A bright shaft of light swept down in a gleaming slant.

“I’ve never seen the curtains open,” he said, turning to her. “Lucille was, I don’t know, she didn’t like too much light. Actually, she didn’t like any at all.” He looked at the flowers. “Lucille didn’t like flowers either.”

“Why was she so unhappy?” Sara asked.

“I don’t know,” Abe answered. He faced the window. “Nice street. So, what do you think of the place?”

“I like it,” she said.

He moved to the piano and put down the music he’d brought. “I was hoping you’d sing again.” Before she could answer, he placed the music on the music stand. “I put them in the order I think they should be sung,” he told her. “I mean, if it were an act.”

She started to say no, to repeat once again that it was impossible, but he sat down and placed his hands on the keyboard. “Ready when you are.”

“I can’t,” she said.

He looked at her sternly. “You have to,” he said. “You have to, Samantha, or you’ll”— his eyes appeared almost to melt in the intensity of what he said—“or you’ll give up on everything.”

Tentatively, she stepped over to the piano, looked at the music, and began, singing softly at first, her eyes meeting his briefly, then leaping away.

She finished four songs before he said “Okay, that’s enough for now” and lowered the top back over the keys. “What you need is an audience,” he told her. “Feedback.” Before she could respond, he plunged ahead. “I don’t mean a full act.
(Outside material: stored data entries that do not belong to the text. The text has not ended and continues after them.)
(* Let $0<\alpha<\varepsilon<1$ be constants, let $c=(1+\varepsilon)n$ and $\frac{\log n}{n}\le p\le\frac{2\log n}{n}$. Then with probability $1-o(1)$ the graph $G\sim\mathcal G_c(n,p)$ has the following property: for every $\mathcal C^*\subseteq[c]$ with $|\mathcal C^*|\ge(1+\alpha)n$, the graph $G[[n];\mathcal C^*]$ is $k$-rainbow-pseudorandom for $k=\frac{n}{\log^{0.49}n}$.
   Context: $\mathcal G_c(n,p)$: random graph on $[n]$, each pair an edge independently with probability $p$, each edge colored uniformly and independently from $[c]$. $G[[n];\mathcal C^*]$ is the spanning subgraph of $G$ consisting of the edges with color in $\mathcal C^*$. An edge-colored graph on $n$ vertices is $k$-rainbow-pseudorandom if for every two disjoint vertex sets $A,B$ with $|A|=|B|=k$, the number of distinct colors on the edges between $A$ and $B$ is at least $n$. Asymptotics as $n\to\infty$. *)

From HB Require Import structures.
From mathcomp Require Import all_boot all_order all_algebra.
From mathcomp Require Import all_classical all_reals all_analysis.
Set Implicit Arguments. Unset Strict Implicit. Unset Printing Implicit Defensive.
Import Order.TTheory GRing.Theory Num.Theory.
Local Open Scope ring_scope.

(* unordered pairs {i,j} of [n] = 'I_n, represented as (i,j) with i < j *)
Definition epair (n : nat) := {e : 'I_n * 'I_n | (e.1 < e.2)%N}.

(* an edge-colored graph on [n] with colors in [c] = 'I_c :
   each pair is either a non-edge (None) or an edge of color col (Some col) *)
Definition cgraph (n c : nat) := {ffun epair n -> option 'I_c}.

Definition ecol n c (G : cgraph n c) (a b : 'I_n) : option 'I_c :=
  match insub (a, b) : option (epair n) with
  | Some e => G e
  | None => match insub (b, a) : option (epair n) with
            | Some e => G e
            | None => None
            end
  end.

(* probability of an outcome G under G_c(n,p): edges independent with
   probability p, each edge colour uniform in [c] *)
Definition Gnp_weight (R : realType) n c (p : R) (G : cgraph n c) : R :=
  \prod_(e : epair n) (match G e with None => 1 - p | Some _ => p / c%:R end).

Definition colors_between n c (G : cgraph n c) (Cs : {set 'I_c})
  (A B : {set 'I_n}) : {set 'I_c} :=
  [set col in Cs | [exists a in A, exists b in B, ecol G a b == Some col]].

Definition rainbow_pseudorandom n c (G : cgraph n c) (Cs : {set 'I_c}) (k : nat)
  : Prop :=
  forall A B : {set 'I_n}, [disjoint A & B] -> #|A| = k -> #|B| = k ->
    (n <= #|colors_between G Cs A B|)%N.

Definition lemma12_prop (R : realType) (alpha : R) n c (k : nat) (G : cgraph n c)
  : bool :=
  [forall Cs : {set 'I_c},
     ((1 + alpha) * n%:R <= #|Cs|%:R) ==>
     `[< rainbow_pseudorandom G Cs k >]].

Definition prob_Gc (R : realType) n c (p : R) (P : pred (cgraph n c)) : R :=
  \sum_(G : cgraph n c | P G) Gnp_weight p G.

Definition ncolors (R : realType) (eps : R) (n : nat) : nat :=
  Num.truncn ((1 + eps) * n%:R).
Definition kpar (R : realType) (n : nat) : nat :=
  Num.truncn (n%:R / powR (ln (n%:R : R)) (49%:R / 100%:R)).

From HB Require Import structures.
From mathcomp Require Import all_boot all_order all_algebra.
From mathcomp Require Import all_classical all_reals all_analysis.
From mathcomp Require Import ring lra.
Import Order.TTheory GRing.Theory Num.Theory.
Import numFieldNormedType.Exports.
Set Implicit Arguments. Unset Strict Implicit. Unset Printing Implicit Defensive.
Local Open Scope ring_scope.

(** Union bound over the triples (A, B, D) with A, B disjoint k-sets of
    vertices and D a set of at least alpha n colours: if G[[n]; Cs] is not
    k-rainbow-pseudorandom, witnessed by A and B, then the colours of Cs that
    do not appear between A and B form such a D, since fewer than n colours
    appear and |Cs| >= (1 + alpha) n.  For a fixed triple, the at least k^2
    pairs between A and B independently avoid the colours of D with
    probability 1 - p|D|/c <= exp(-p alpha n / c), so the probability of
    failure is at most 2^(2n+c) exp(-k^2 p alpha n / c).  With p n >= log n,
    c <= 2n and k ~ n / log^0.49 n, the exponent k^2 p alpha n / c is of order
    n log^0.02 n, which beats the e^(4n) bound on the number of triples. *)

Lemma card_finset (T : finType) : #|{: {set T}}| = (2 ^ #|T|)%N.
Proof.
have powT : powerset [set: T] = [set: {set T}].
  by apply/setP => A; rewrite powersetE finset.subsetT finset.in_setT.
by rewrite -[LHS]cardsT -powT card_powerset cardsT.
Qed.

Section ColoredGraphs.
Variables n c : nat.

Definition cross_pairs (A B : {set 'I_n}) : {set epair n} :=
  [set e | ((val e).1 \in A) && ((val e).2 \in B) ||
           ((val e).1 \in B) && ((val e).2 \in A)].

Lemma card_cross_pairs (A B : {set 'I_n}) :
  [disjoint A & B] -> (#|A| * #|B| <= #|cross_pairs A B|)%N.
Proof.
move=> dAB.
pose orient (e : epair n) := if (val e).1 \in A then val e else ((val e).2, (val e).1).
rewrite -cardsX; apply: leq_trans (leq_imset_card orient (cross_pairs A B)).
apply: subset_leq_card; apply/fintype.subsetP => -[a b] /setXP [aA bB].
have bA : (b \in A) = false by apply: (disjointFl dAB).
case: (ltngtP a b) => [ab|ba|/val_inj ab]; last by move: bA; rewrite -ab aA.
- apply/imsetP; exists (exist _ (a, b) ab : epair n); first by rewrite inE /= aA bB.
  by rewrite /orient /= aA.
- apply/imsetP; exists (exist _ (b, a) ba : epair n); first by rewrite inE /= aA bB orbT.
  by rewrite /orient /= bA.
Qed.

Lemma ecol_epair (G : cgraph n c) (e : epair n) : ecol G (val e).1 (val e).2 = G e.
Proof.
case: e => [[x y] xy]; rewrite /ecol /=.
case: insubP => [e _ He|] /=; last by rewrite xy.
by congr (G _); apply: val_inj.
Qed.

Lemma ecol_epair_sym (G : cgraph n c) (e : epair n) : ecol G (val e).2 (val e).1 = G e.
Proof.
case: e => [[x y] xy]; rewrite /ecol /=.
case: insubP => [e /= yx _|_]; first by move: yx; rewrite ltnNge ltnW.
case: insubP => [e _ He|] /=; last by rewrite xy.
by congr (G _); apply: val_inj.
Qed.

Definition avoids (D : {set 'I_c}) (o : option 'I_c) : bool :=
  if o is Some col then col \notin D else true.

Lemma colors_between_avoids (G : cgraph n c) Cs A B e :
  e \in cross_pairs A B -> avoids (Cs :\: colors_between G Cs A B) (G e).
Proof.
rewrite inE => eAB; case Ge : (G e) => [col|] //=.
rewrite inE negb_and negbK inE orbC; case: (col \in Cs) => //=.
apply/existsP; case/orP: eAB => /andP [e1 e2].
  exists (val e).1; rewrite e1 /=; apply/existsP; exists (val e).2.
  by rewrite e2 ecol_epair Ge eqxx.
exists (val e).2; rewrite e2 /=; apply/existsP; exists (val e).1.
by rewrite e1 ecol_epair_sym Ge eqxx.
Qed.

Definition avoids_on (G : cgraph n c) (S : {set epair n}) (D : {set 'I_c}) : bool :=
  [forall e in S, avoids D (G e)].

Definition failure_witness (R : realType) (alpha : R) (k : nat)
    (t : {set 'I_n} * {set 'I_n} * {set 'I_c}) : bool :=
  [&& [disjoint t.1.1 & t.1.2], #|t.1.1| == k, #|t.1.2| == k &
      alpha * n%:R <= #|t.2|%:R].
Just a few songs for a few people. The late-night crowd.” He smiled. “How about tonight?”

She felt her stomach draw into a knot.

“What’s the matter, Samantha?”

“I can’t.”

“Why not?”

“I have to stay . . .”

“What?”

She shook her head.

“Hidden,” Abe said. “Isn’t that what you told me when I offered you a job? That you couldn’t take it because you had to stay hidden?”

She nodded.

“Who are you hiding from?”

She turned away, but he took her shoulders lightly and drew her back to him. “Some guy after you? Boyfriend?”

She shook her head.

“Husband?”

“No.”

She tried to turn away again, but he held her more firmly. “You in trouble with the cops, something like that?”

A short, aching laugh broke from her. “No,” she said. “Not the cops.”

“Who, then?”

A small wall seemed to give way inside her. “My father-in-law,” she answered quietly. “He’s a bad man.”

“Who is he?”

She shook her head adamantly, and he knew absolutely that she would not reveal the name.
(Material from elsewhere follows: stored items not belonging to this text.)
Lemma norm_gap_continuous j : continuous (fun X => norm_gap X j).
Proof.
by apply: qnorm2B_continuous; [exact: qcontinuous_qentry | exact: qcontinuous_tailprod].
Qed.

Section Bounds.
Variables (X : 'M[R]_(k, d)) (M : R).
Hypotheses (M_ge0 : 0 <= M) (gapM : forall j, (j < k.-1)%N -> `|norm_gap X j| <= M).

Lemma norm2_qentry_tailprodS_le j : (j < k.-1)%N ->
  qnorm2 (qentry X j) + qnorm2 (tailprod X j.+1) <= M + 1 + qnorm2 (tailprod X j).
Proof.
move=> jk; have := lerD_normBM (qnorm2_ge0 (qentry X j)) (qnorm2_ge0 (tailprod X j.+1)).
rewrite -qnorm2_mul -tailprodS ?(leq_trans jk) ?leq_pred // -/(norm_gap X j).
by have := gapM jk; lra.
Qed.

Lemma norm2_tailprod_le j : (j <= k.-1)%N ->
  qnorm2 (tailprod X j) <= qnorm2 (tailprod X 0) + j%:R * (M + 1).
Proof.
elim: j => [|j IH] jk; first by rewrite mul0r addr0.
have := norm2_qentry_tailprodS_le jk; have := IH (ltnW jk).
by have := qnorm2_ge0 (qentry X j); rewrite -natr1; lra.
Qed.

Lemma norm2_qentry_le i : (i < k)%N ->
  qnorm2 (qentry X i) <= qnorm2 (tailprod X 0) + k%:R * (M + 1).
Proof.
move=> ik; have M1_ge0 : 0 <= M + 1 by rewrite addr_ge0.
have [ik'|] := ltnP i k.-1.
  have := norm2_qentry_tailprodS_le ik'; have := norm2_tailprod_le (ltnW ik').
  have : i.+1%:R * (M + 1) <= k%:R * (M + 1) by rewrite ler_wpM2r ?ler_nat.
  by have := qnorm2_ge0 (tailprod X i.+1); rewrite -natr1; lra.
have k_gt0 : (0 < k)%N by apply: leq_ltn_trans ik.
move=> ki; have -> : i = k.-1 by apply/eqP; rewrite eqn_leq ki andbT -ltnS prednK.
rewrite -tailprod_last //; apply: le_trans (norm2_tailprod_le (leqnn _)) _.
by rewrite lerD2l ler_wpM2r ?ler_nat ?leq_pred.
Qed.

End Bounds.

Section InvariantsMap.
Hypothesis k_gt0 : (0 < k)%N.

Lemma dim_invariants : (k.-1 + d = d + k - 1)%N.
Proof. by rewrite addnC -addnBA // subn1. Qed.

Definition invariants X : 'rV[R]_(d + k - 1) :=
  castmx (erefl, dim_invariants)
    (row_mx (\row_(j < k.-1) norm_gap X j) (\row_(c < d) qcomp (tailprod X 0) c)).

Lemma invariants_gap X (j : 'I_k.-1) :
  invariants X ord0 (cast_ord dim_invariants (lshift d j)) = norm_gap X j.
Proof. by rewrite castmxE /= cast_ordK row_mxEl mxE. Qed.

Lemma invariants_tail X (c : 'I_d) :
  invariants X ord0 (cast_ord dim_invariants (rshift k.-1 c)) = qcomp (tailprod X 0) c.
Proof. by rewrite castmxE /= cast_ordK row_mxEr mxE. Qed.

Lemma invariants_eq X Y : invariants X = invariants Y <-> same_orbit X Y.
Proof.
split => [/(can_inj (castmxK _ _)) /eq_row_mx [gapXY tailXY] | XY].
  apply: orbit_of_invariants => // [j jk|].
    by have := congr1 (fun v : 'rV[R]_k.-1 => v ord0 (Ordinal jk)) gapXY; rewrite !mxE.
  rewrite -[LHS](emb_proj (dK_le4 K) (inK_tailprod X 0)) tailXY.
  by rewrite emb_proj ?dK_le4 //; exact: inK_tailprod.
congr castmx; congr row_mx; apply/rowP => j; rewrite !mxE.
  by apply: same_orbit_norm_gap => //; exact: leq_trans (ltn_ord j) (leq_pred _).
by rewrite (same_orbit_tailprod0 XY).
Qed.

Lemma invariants_surj y : exists X, invariants X = y.
Proof.
set z := castmx (erefl, esym dim_invariants) y.
have [X [gapX tailX]] :=
  invariants_attained (Defs.coord (lsubmx z)) k_gt0 (inK_emb (rsubmx z)).
exists X; rewrite -[y](castmxKV erefl dim_invariants) -/z -[z in RHS]hsubmxK.
congr castmx; congr row_mx; apply/rowP => j; rewrite mxE.
  by rewrite gapX // (coord_lt _ (ltn_ord j)); congr (_ _ _); exact: val_inj.
rewrite tailX qcomp_emb ?dK_le4 // (coord_lt _ (ltn_ord j)).
by congr (_ _ _); exact: val_inj.
Qed.

Lemma invariants_continuous : continuous invariants.
Proof.
apply: mx_continuous => i l; rewrite (ord1 i).
rewrite -[l](cast_ordKV dim_invariants).
case: (splitP (cast_ord (esym dim_invariants) l)) => c Ec.
  rewrite (_ : cast_ord _ l = lshift d c); last exact: val_inj.
  rewrite (_ : (fun X => _) = fun X => norm_gap X c).
    exact: norm_gap_continuous.
  by apply: funext => X; rewrite invariants_gap.
rewrite (_ : cast_ord _ l = rshift k.-1 c); last exact: val_inj.
rewrite (_ : (fun X => _) = fun X => qcomp (tailprod X 0) c).
  exact: qcontinuous_tailprod.
by apply: funext => X; rewrite invariants_tail.
Qed.

Lemma invariants_ball_bounded (y : 'rV[R]_(d + k - 1)) : exists B, forall X,
  ball y 1 (invariants X) -> forall i j, `|X i j| <= B.
Proof.
pose M := 1 + \sum_l `|y ord0 l|.
have M_ge0 : 0 <= M by rewrite addr_ge0 ?sumr_ge0.
exists (1 + (4 * M ^+ 2 + k%:R * (M + 1))) => X yX i c.
have entry_le l : `|invariants X ord0 l| <= M.
  have [_ /(_ ord0 l)] := yX; rewrite -ball_normE /= => /ltW yXl.
  have yl : `|y ord0 l| <= \sum_l `|y ord0 l| by rewrite (bigD1 l) //= lerDl sumr_ge0.
  have := ler_normD (y ord0 l) (invariants X ord0 l - y ord0 l).
  by rewrite addrC subrK distrC /M; lra.
have gapM j : (j < k.-1)%N -> `|norm_gap X j| <= M.
  by move=> jk; rewrite -(invariants_gap X (Ordinal jk)).
have tailM : qnorm2 (tailprod X 0) <= 4 * M ^+ 2.
  apply: qnorm2_le4 => e _; have [ed|de] := ltnP e d; last first.
    by rewrite inK_tailprod // expr0n /= exprn_ge0.
  have := entry_le (cast_ord dim_invariants (rshift k.-1 (Ordinal ed))).
  by rewrite invariants_tail ler_norml => /andP [? ?]; nra.
rewrite entry_rowq; apply: le_trans (normr_le1Dsqr _) _; rewrite lerD2l.
apply: le_trans (qcomp_sqr_le _ _) _; rewrite -qentry_ord.
by apply: le_trans (norm2_qentry_le M_ge0 gapM (ltn_ord i)) _; rewrite lerD2r.
Qed.

Lemma invariants_proper (y : 'rV[R]_(d + k - 1)) : exists2 N, nbhs y N &
  exists2 C, compact C & invariants @^-1` N `<=` C.
Proof.
have [B XB] := invariants_ball_bounded y.
exists (ball y 1); first exact: nbhsx_ballx.
exists [set X : 'M[R]_(k, d) | forall i j, `|X i j| <= B]; last exact: XB.
exact: mx_box_compact.
Qed.

End InvariantsMap.

End Invariants.

Theorem proposition3p5 (R : realType) (K : KK) (k : nat) (hk : (2 <= k)%N) :
  exists (f : orbit_space R K k -> 'rV[R]_(dK K + k - 1))
         (g : 'rV[R]_(dK K + k - 1) -> orbit_space R K k),
    homeomorphism f g.
Proof.
have k_gt0 : (0 < k)%N by exact: leq_trans hk.
apply: (@quotient_homeomorphism _ _ (orbit_equiv_rel R K k) (invariants k_gt0)).
- exact: invariants_continuous.
- by move=> X Y; rewrite invariants_eq; split => [XY | /asboolP //]; exact/asboolP.
- exact: invariants_surj.
- apply: proper_closed_map; first exact: norm_hausdorff.
    exact: invariants_continuous.
  exact: invariants_proper.
Qed.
“Okay,” he said, “but bad man or not, you can’t hide forever. And besides, you have to make a living, right?” He didn’t wait for her to answer. “So here’s what you do. You come in around midnight. There’ll be just a few people in the place. You’ll sing a few songs. Just for the regulars. No advertising. Nothing to draw attention to you.” He didn’t ask her to accept or refuse the idea, but simply rose, walked to the door, then stopped and looked back at her. “It’s what you want more than anything, isn’t it?” he asked. “One more stab at singing . . . or maybe just . . . happiness?”
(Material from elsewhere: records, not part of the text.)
Lemma zero_at_special_comm_LamA_BLam_lt m k n e : (0 < e)%N ->
  zero_at_special A B p (comm (L ^+ m * A ^+ n) (B ^+ (n + e) * L ^+ k)).
Proof.
move=> he; have [Q [hBA hAB]] := expr_BA_AB hrel hq1 hq0 n.
have h1 : L ^+ m * A ^+ n * (B ^+ (n + e) * L ^+ k) =
    q ^+ (e * m) *: (B ^+ e * horner_alg L ('X^(m + k) * dilate (q ^+ (n + e)) Q)).
  have -> : L ^+ m * A ^+ n * (B ^+ (n + e) * L ^+ k) =
      L ^+ m * (A ^+ n * B ^+ n) * B ^+ e * L ^+ k by rewrite exprD !mulrA.
  rewrite hAB -(horner_alg_Xn L m) -rmorphM (horner_mul_expr hq0 (mulLam_B hrel)).
  rewrite -(horner_alg_Xn L k) -mulrA -rmorphM.
  rewrite dilateM dilateXn dilate_dilate -exprD -!scalerAl mulrAC -exprD -exprM.
  by rewrite -mul_polyC rmorphM /= horner_algC mulr_algl scalerAr.
have h2 : q ^+ (n * (m + k)) *: (B ^+ (n + e) * L ^+ k * (L ^+ m * A ^+ n)) =
    B ^+ e * horner_alg L ('X^(m + k) * Q).
  have -> : B ^+ (n + e) * L ^+ k * (L ^+ m * A ^+ n) =
      B ^+ e * (B ^+ n * (L ^+ (m + k) * A ^+ n)).
    by rewrite (addnC n) exprD (addnC m) exprD !mulrA.
  rewrite 2!scalerAr -(expr_mul_expr (mulA_Lam hrel)) (mulrA (B ^+ n)) hBA.
  by rewrite -horner_alg_Xn -rmorphM mulrC.
apply: (zero_at_specialZ (a := q ^+ (n * (m + k)))); first by rewrite expf_neq0.
have -> : q ^+ (n * (m + k)) *: comm (L ^+ m * A ^+ n) (B ^+ (n + e) * L ^+ k) =
    B ^+ e * horner_alg L ('X^(m + k) *
      (q ^+ (n * (m + k) + e * m) *: dilate (q ^+ (n + e)) Q - Q)).
  rewrite /comm scalerBr h1 h2 scalerA -exprD [in RHS]mulrBr [in RHS]rmorphB /=.
  by rewrite -scalerAr linearZ /= mulr_algl mulrBr scalerAr.
apply: zero_at_special_mulB_horner => // hpe i; apply: XnM_dilateB_coef_eq0 => j hj.
have -> : (n * (m + k) + e * m + (n + e) * j = n * (m + k + j) + e * (m + j))%N by ring.
exact: dvdn_add (dvdn_mull _ hj) (dvdn_mulr _ hpe).
Qed.

Lemma zero_at_special_comm_LamA_BLam m k n l : n != l ->
  zero_at_special A B p (comm (L ^+ m * A ^+ n) (B ^+ l * L ^+ k)).
Proof.
case: ltngtP => // [nl | ln] _.
  by rewrite -(subnKC (ltnW nl)); apply: zero_at_special_comm_LamA_BLam_lt; rewrite subn_gt0.
by rewrite -(subnK (ltnW ln)); apply: zero_at_special_comm_LamA_BLam_gt; rewrite subn_gt0.
Qed.

End Commutators.

Theorem lemma1 (F : fieldType) (q : F) (p : nat)
  (hq1 : q != 1) (hp : (0 < p)%N) (hqp : q ^+ p = 1)
  (hmin : forall j : nat, (0 < j < p)%N -> q ^+ j != 1)
  (H : algType F) (A B : H)
  (hrel : A * B - q *: (B * A) = 1)
  (hbasis : is_std_basis A B) :
  forall (m k n l : nat), (0 < n)%N -> (0 < l)%N ->
    let L := Lam A B in
    [/\ zero_at_special A B p (comm (L ^+ m) (L ^+ k * A ^+ l)),
        zero_at_special A B p (comm (L ^+ m) (B ^+ l * L ^+ k)),
        zero_at_special A B p (comm (L ^+ m * A ^+ n) (L ^+ k * A ^+ l)),
        (n != l -> zero_at_special A B p (comm (L ^+ m * A ^+ n) (B ^+ l * L ^+ k)))
      & zero_at_special A B p (comm (B ^+ n * L ^+ m) (B ^+ l * L ^+ k))].
Proof.
move=> m k n l n_gt0 l_gt0 L.
have hq0 : q != 0.
  by apply: contra_eq_neq hqp => ->; rewrite expr0n eqn0Ngt hp eq_sym oner_neq0.
have hfree := hbasis.1.
have commLA := zero_at_special_comm_LamA hrel hq0 hqp hfree.
have commBL := zero_at_special_comm_BLam hrel hq0 hqp hfree.
split.
- by have := commLA m k 0 l l_gt0; rewrite expr0 mulr1.
- by have := commBL m k 0 l l_gt0; rewrite expr0 mul1r.
- by apply: commLA; rewrite addn_gt0 n_gt0.
- exact: zero_at_special_comm_LamA_BLam hrel hq0 hq1 hqp hfree m k n l.
- by apply: commBL; rewrite addn_gt0 n_gt0.
Qed.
She settled her gaze upon him in a way she hoped did not make her appear broken, did not ask for pity, but just a chance to make it work. “Yes,” she said.

ABE

Happiness.

Where had that word come from?

On the walk back to the bar, he realized that he’d not thought of happiness in years, that happiness was like childhood, a place he could not return to or recapture in the present. A dark wonder settled over him as he recognized that he couldn’t actually remember the last time he was happy, though he suspected it had been the years during which he’d tried to make it, have his own group, cut records, tour, be known. He’d stopped trying for any of that years before, and the truth of why he’d stopped had tapped lightly at the door of his consciousness ever since, though he’d rarely let it in. Now he did. It was laziness, pure and simple. Even if he’d actually had talent, making a name for himself would still have required more energy than he’d ever had.

For a moment he considered his talents. They were few and modest. The greatest one, he decided, was just the talent for going on.

SARA

She wasn’t sure why, but suddenly all the reasons she should keep her head down only made her want to lift it more. She knew that to show up at McPherson’s, even if only for a few songs before the usual crowd, was dangerous. You never knew who might wander in. Certainly Labriola himself never frequented such places. It would be far more likely for Tony to show up, probably alone, taking the off chance that she might have returned to her old life. It wasn’t likely, of course, and yet it was something she had to consider.

So why had she not simply refused to do it? It would have been easy to do, and as she stood by the window, staring down at the street, she imagined having done just that. Abe would not have pressed the issue. He would have taken her refusal at face value and left the apartment with no further word.